The previous section has established that modern ANNs have the capability to solve complex and nonlinear problems due to hidden layers in their structure. This feature of ANNs, while allowing them to generate accurate predictions, is inherently problematic for social scientists. Usually, social scientists seek to understand the relationship between two or more variables, i.e., to answer a question like “Are X and Y related?” or “Does X have a significant effect on Y?” Meanwhile, the goal in machine learning is to be able to predict what will happen in the future. In machine learning, the most important question is “Can I approximate Y if I know X?” Hence, in machine learning, models are developed on sets of data where X (features or independent variables) and Y (outputs or dependent variables) are known. The models are evaluated by supplying them with previously unseen batches of Xs and seeing how accurately they can predict Y. Therefore, the metrics on which models are evaluated are not the statistical significance of individual variables but various metrics used to estimate how well the model fits the data. In classification exercises, they can be accuracy scores (correctly classified cases/total number of cases), and in regression tasks – R².

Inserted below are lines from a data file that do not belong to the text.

Lemma exprD_le_linear (b e : R) n : 0 <= b -> 0 <= e -> e <= 1 ->
  (b + e) ^+ n <= b ^+ n + e * (b + 2) ^+ n.
Proof.
move=> b0 e0 e1; elim: n => [|n IH]; first by rewrite !expr0 mulr1 lerDl.
have P0 : 0 <= (b + 2) ^+ n by rewrite exprn_ge0 // addr_ge0.
have QP : b ^+ n <= (b + 2) ^+ n by rewrite lerXn2r ?nnegrE ?addr_ge0 // lerDl.
have X0 : 0 <= (b + e) ^+ n by rewrite exprn_ge0 // addr_ge0.
rewrite !exprS.
have h1 : (b + e) * (b + e) ^+ n <= (b + e) * (b ^+ n + e * (b + 2) ^+ n).
  by rewrite ler_wpM2l // addr_ge0.
have h2 : e * b ^+ n <= e * (b + 2) ^+ n by rewrite ler_wpM2l.
have h3 : e * e * (b + 2) ^+ n <= e * (b + 2) ^+ n.
  by rewrite -mulrA -[leRHS]mul1r ler_wpM2r // mulr_ge0.
nra.
Qed.

Lemma ler_exprD_gt0 (x b : R) n : 0 <= b ->
  (forall e, 0 < e -> e <= 1 -> x <= (b + e) ^+ n) -> x <= b ^+ n.
Proof.
move=> b0 H; apply/ler_addgt0Pr => e e0.
have P0 : 0 < (b + 2) ^+ n by rewrite exprn_gt0 // ltr_wpDl.
pose e' := Num.min 1 (e / (b + 2) ^+ n).
have e'0 : 0 < e' by rewrite lt_min ltr01 divr_gt0.
have e'1 : e' <= 1 by rewrite ge_min lexx.
have e'P : e' * (b + 2) ^+ n <= e by rewrite -ler_pdivlMr // ge_min lexx orbT.
apply: le_trans (H e' e'0 e'1) _; apply: le_trans (exprD_le_linear n b0 (ltW e'0) e'1) _.
by rewrite lerD2l.
Qed.

Lemma ln_exprn (x : R) n : 0 <= x -> 0 < x ^+ n -> ln (x ^+ n) = n%:R * ln x.
Proof.
case: n => [|n] x0 xn; first by rewrite expr0 ln1 mul0r.
have x_gt0 : 0 < x.
  by rewrite lt_def x0 andbT; apply: contraTneq xn => ->; rewrite expr0n ltxx.
by rewrite lnXn // mulr_natl.
Qed.

End real_lemmas.

(* No measurability is assumed: the slices of the iterated integral [leb_int]
   are not known to be measurable. *)
Section ge0_integralT.
Local Open Scope ereal_scope.
Context d (T : measurableType d) (R : realType) (mu : {measure set T -> \bar R}).
Import HBNNSimple.

Lemma ge0_le_integralT (F G : T -> \bar R) : (forall x, 0 <= F x) ->
  (forall x, F x <= G x) ->
  \int[mu]_(x in [set: T]) F x <= \int[mu]_(x in [set: T]) G x.
Proof.
move=> F0 FG; have G0 x : 0 <= G x by exact: le_trans (F0 x) (FG x).
rewrite !ge0_integralTE//; apply: ge_ereal_sup => _ [h hF <-].
by apply: ereal_sup_ubound; exists h => // x; exact: le_trans (hF x) (FG x).
Qed.

Let ge0_integralZlT_le (k : R) (F : T -> \bar R) : (0 < k)%R ->
  (forall x, 0 <= F x) ->
  \int[mu]_(x in [set: T]) (k%:E * F x) <= k%:E * \int[mu]_(x in [set: T]) F x.
Proof.
move=> k0 F0; have kF0 x : 0 <= k%:E * F x by rewrite mule_ge0// lee_fin ltW.
rewrite !ge0_integralTE//; apply: ge_ereal_sup => _ [h hF <-].
have k'0 : (0 <= k^-1)%R by rewrite invr_ge0 ltW.
pose h' := scale_nnsfun h k'0.
have -> : sintegral mu h = k%:E * sintegral mu h'.
  by rewrite -sintegralrM; apply: eq_sintegral => x /=; rewrite mulrA mulfV ?mul1r ?gt_eqF.
rewrite lee_pmul2l//; apply: ereal_sup_ubound; exists h' => // x /=.
by rewrite -(@lee_pmul2l _ k%:E)// -EFinM mulrA mulfV ?gt_eqF// mul1r; exact: hF.
Qed.

Lemma ge0_integralZlT (k : R) (F : T -> \bar R) : (0 < k)%R ->
  (forall x, 0 <= F x) ->
  \int[mu]_(x in [set: T]) (k%:E * F x) = k%:E * \int[mu]_(x in [set: T]) F x.
Proof.
move=> k0 F0; apply/eqP; rewrite eq_le ge0_integralZlT_le//=.
have k'0 : (0 < k^-1)%R by rewrite invr_gt0.
have kF0 x : 0 <= k%:E * F x by rewrite mule_ge0// lee_fin ltW.
rewrite -(@lee_pmul2l _ k^-1%:E)// muleA -EFinM mulVf ?gt_eqF// mul1e.
apply: le_trans _ (ge0_integralZlT_le k'0 kF0).
by under [in X in _ <= X]eq_integral do rewrite muleA -EFinM mulVf ?gt_eqF// mul1e.
Qed.

End ge0_integralT.

Section lebesgue_measure_affine.
Context (R : realType).
Local Open Scope ereal_scope.
Local Notation mu := (@lebesgue_measure R).

Lemma lebesgue_measure_affine (r b : R) (A : set R) : (0 < r)%R -> measurable A ->
  mu A = r%:E * mu ((fun t => r * t + b)%R @^-1` A).
Proof.
move=> r0 mA.
pose phi : measurableTypeR R -> measurableTypeR R := fun t => (r * t + b)%R.
unshelve epose (nu := pushforward mu phi
  : {measure set (measurableTypeR R) -> \bar R}); first exact: measurable_funD.
apply: (@lebesgue_measure_unique R (mscale (NngNum (ltW r0)) nu)) mA.
move=> _ /ocitvP[->|[[x1 x2]/= x12 ->]]; first by rewrite !measure0.
rewrite /mscale /nu /= /pushforward.
have -> : phi @^-1` `]x1, x2]%classic =
          `]((x1 - b) / r)%R, ((x2 - b) / r)%R]%classic.
  by apply/seteqP; split => t /=; rewrite !in_itv/= ltr_pdivrMr// ler_pdivlMr//
    ltrBlDr lerBrDr !(mulrC t).
rewrite !lebesgue_measure_itv/= !lte_fin x12 ltr_pM2r ?invr_gt0// ltrD2r x12.
by rewrite -!EFinB -EFinM; congr EFin; field; rewrite gt_eqF.
Qed.

End lebesgue_measure_affine.

Section nnsfun_affine.
Context (R : realType) (h : {nnsfun measurableTypeR R >-> R}) (r b : R).
Import HBNNSimple.

Definition nnsfun_affine (t : measurableTypeR R) : R := h (r * t + b).

Let nnsfun_affine_measurable : measurable_fun [set: measurableTypeR R] nnsfun_affine.
Proof.
apply: (measurableT_comp (f := h) (g := fun t : measurableTypeR R => r * t + b)) => //.
exact: measurable_funD.
Qed.

Let nnsfun_affine_finite : finite_set (range nnsfun_affine).
Proof.
apply: (@sub_finite_set _ _ (range h)); last exact: fimfunP.
by move=> _ [t _ <-]; exists (r * t + b).
Qed.

Let nnsfun_affine_ge0 t : 0 <= nnsfun_affine t.
Proof. exact: fun_ge0. Qed.

HB.instance Definition _ := isMeasurableFun.Build _ _ _ _ nnsfun_affine
  nnsfun_affine_measurable.
HB.instance Definition _ := FiniteImage.Build _ _ nnsfun_affine nnsfun_affine_finite.
HB.instance Definition _ := isNonNegFun.Build _ _ nnsfun_affine nnsfun_affine_ge0.

End nnsfun_affine.

Section ge0_integral_affine.
Context (R : realType).
Local Open Scope ereal_scope.
Local Notation mu := (@lebesgue_measure R).
Import HBNNSimple.

Let ge0_integral_affine_le (r b : R) (F : R -> \bar R) : (0 < r)%R ->
  (forall x, 0 <= F x) ->
  \int[mu]_(x in [set: R]) F (r * x + b)%R <= r^-1%:E * \int[mu]_(x in [set: R]) F x.
Proof.
move=> r0 F0; rewrite !ge0_integralTE//; apply: ge_ereal_sup => _ [h hF <-].
have r'0 : (0 < r^-1)%R by rewrite invr_gt0.
pose h' : {nnsfun measurableTypeR R >-> R} := nnsfun_affine h r^-1 (- (b / r)).
have hh' t : h t = h' (r * t + b)%R.
  by rewrite /h' /nnsfun_affine /=; congr (h _); field; rewrite gt_eqF.
have -> : sintegral mu h = r^-1%:E * sintegral mu h'.
  rewrite !sintegralET ge0_mule_fsumr; last exact: nnsfun_mulemu_ge0.
  apply: eq_fsbigr => x _.
  have -> : h @^-1` [set x] = (fun t => r * t + b)%R @^-1` (h' @^-1` [set x]).
    by apply/seteqP; split => t /=; rewrite hh'.
  rewrite [in RHS](@lebesgue_measure_affine R r b _ r0); last first.
    exact: (@measurable_funPTI _ _ _ _ h' [set x]).
  by rewrite muleCA; congr (_ * _); rewrite muleA -EFinM mulVf ?gt_eqF// mul1e.
rewrite lee_pmul2l//; apply: ereal_sup_ubound; exists h' => // x /=.
have := hF (r^-1 * x - b / r)%R; rewrite /h' /nnsfun_affine /=.
by have -> : (r * (r^-1 * x - b / r) + b = x)%R by field; rewrite gt_eqF.
Qed.

Lemma ge0_integral_affine (r b : R) (F : R -> \bar R) : (0 < r)%R ->
  (forall x, 0 <= F x) ->
  \int[mu]_(x in [set: R]) F (r * x + b)%R = r^-1%:E * \int[mu]_(x in [set: R]) F x.
Proof.
move=> r0 F0; apply/eqP; rewrite eq_le ge0_integral_affine_le//=.
have r'0 : (0 < r^-1)%R by rewrite invr_gt0.
rewrite -(@lee_pmul2l _ r%:E)// muleA -EFinM mulfV ?gt_eqF// mul1e.
have := ge0_integral_affine_le (- (b / r)) r'0 (fun x => F0 (r * x + b)%R).
rewrite invrK; apply: le_trans; apply: ge0_le_integralT => // x.
by rewrite (_ : r * _ + b = x)%R //; field; rewrite gt_eqF.
Qed.

End ge0_integral_affine.

Section leb_int.
Context (R : realType).
Local Open Scope ereal_scope.
Implicit Types (n : nat).

Lemma leb_int_ge0 n (f : 'rV[R]_n -> \bar R) : (forall x, 0 <= f x) ->
  0 <= leb_int f.
Proof.
elim: n f => [|n IH] f f0 /=; first exact: f0.
by apply: integral_ge0 => t _; apply: IH => v; exact: f0.
Qed.

Lemma le_leb_int n (f g : 'rV[R]_n -> \bar R) : (forall x, 0 <= f x) ->
  (forall x, f x <= g x) -> leb_int f <= leb_int g.
Proof.
elim: n f g => [|n IH] f g f0 fg /=; first exact: fg.
apply: ge0_le_integralT => t; first by apply: leb_int_ge0 => v; exact: f0.
by apply: IH => v; [exact: f0|exact: fg].
Qed.

Lemma leb_int0 n (f : 'rV[R]_n -> \bar R) : (forall x, f x = 0) -> leb_int f = 0.
Proof.
elim: n f => [|n IH] f f0 /=; first exact: f0.
by under eq_integral do rewrite IH//; exact: integral0.
Qed.

Lemma leb_intZl n (k : R) (f : 'rV[R]_n -> \bar R) : (0 < k)%R ->
  (forall x, 0 <= f x) -> leb_int (fun x => k%:E * f x) = k%:E * leb_int f.
Proof.
elim: n f => [|n IH] f k0 f0 //=.
under eq_integral do rewrite IH//.
by apply: ge0_integralZlT => // t; apply: leb_int_ge0.
Qed.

Hidden layers in ANNs make it impossible to tell exactly how the inputs and outputs are related. ANNs can determine whether it is possible to correctly predict/estimate the output given by a particular input, but what exactly happens “under the hood,” or how exactly a particular input feature influences the output, remains unknown and impossible to determine. Only in recent years there has been some success in demonstrating what happens in the hidden layers of the neural network. For instance, “TensorFlow Playground”⁸ does a wonderful job visualizing MLP performance, but it is limited to a small number of data sets and few model parameters.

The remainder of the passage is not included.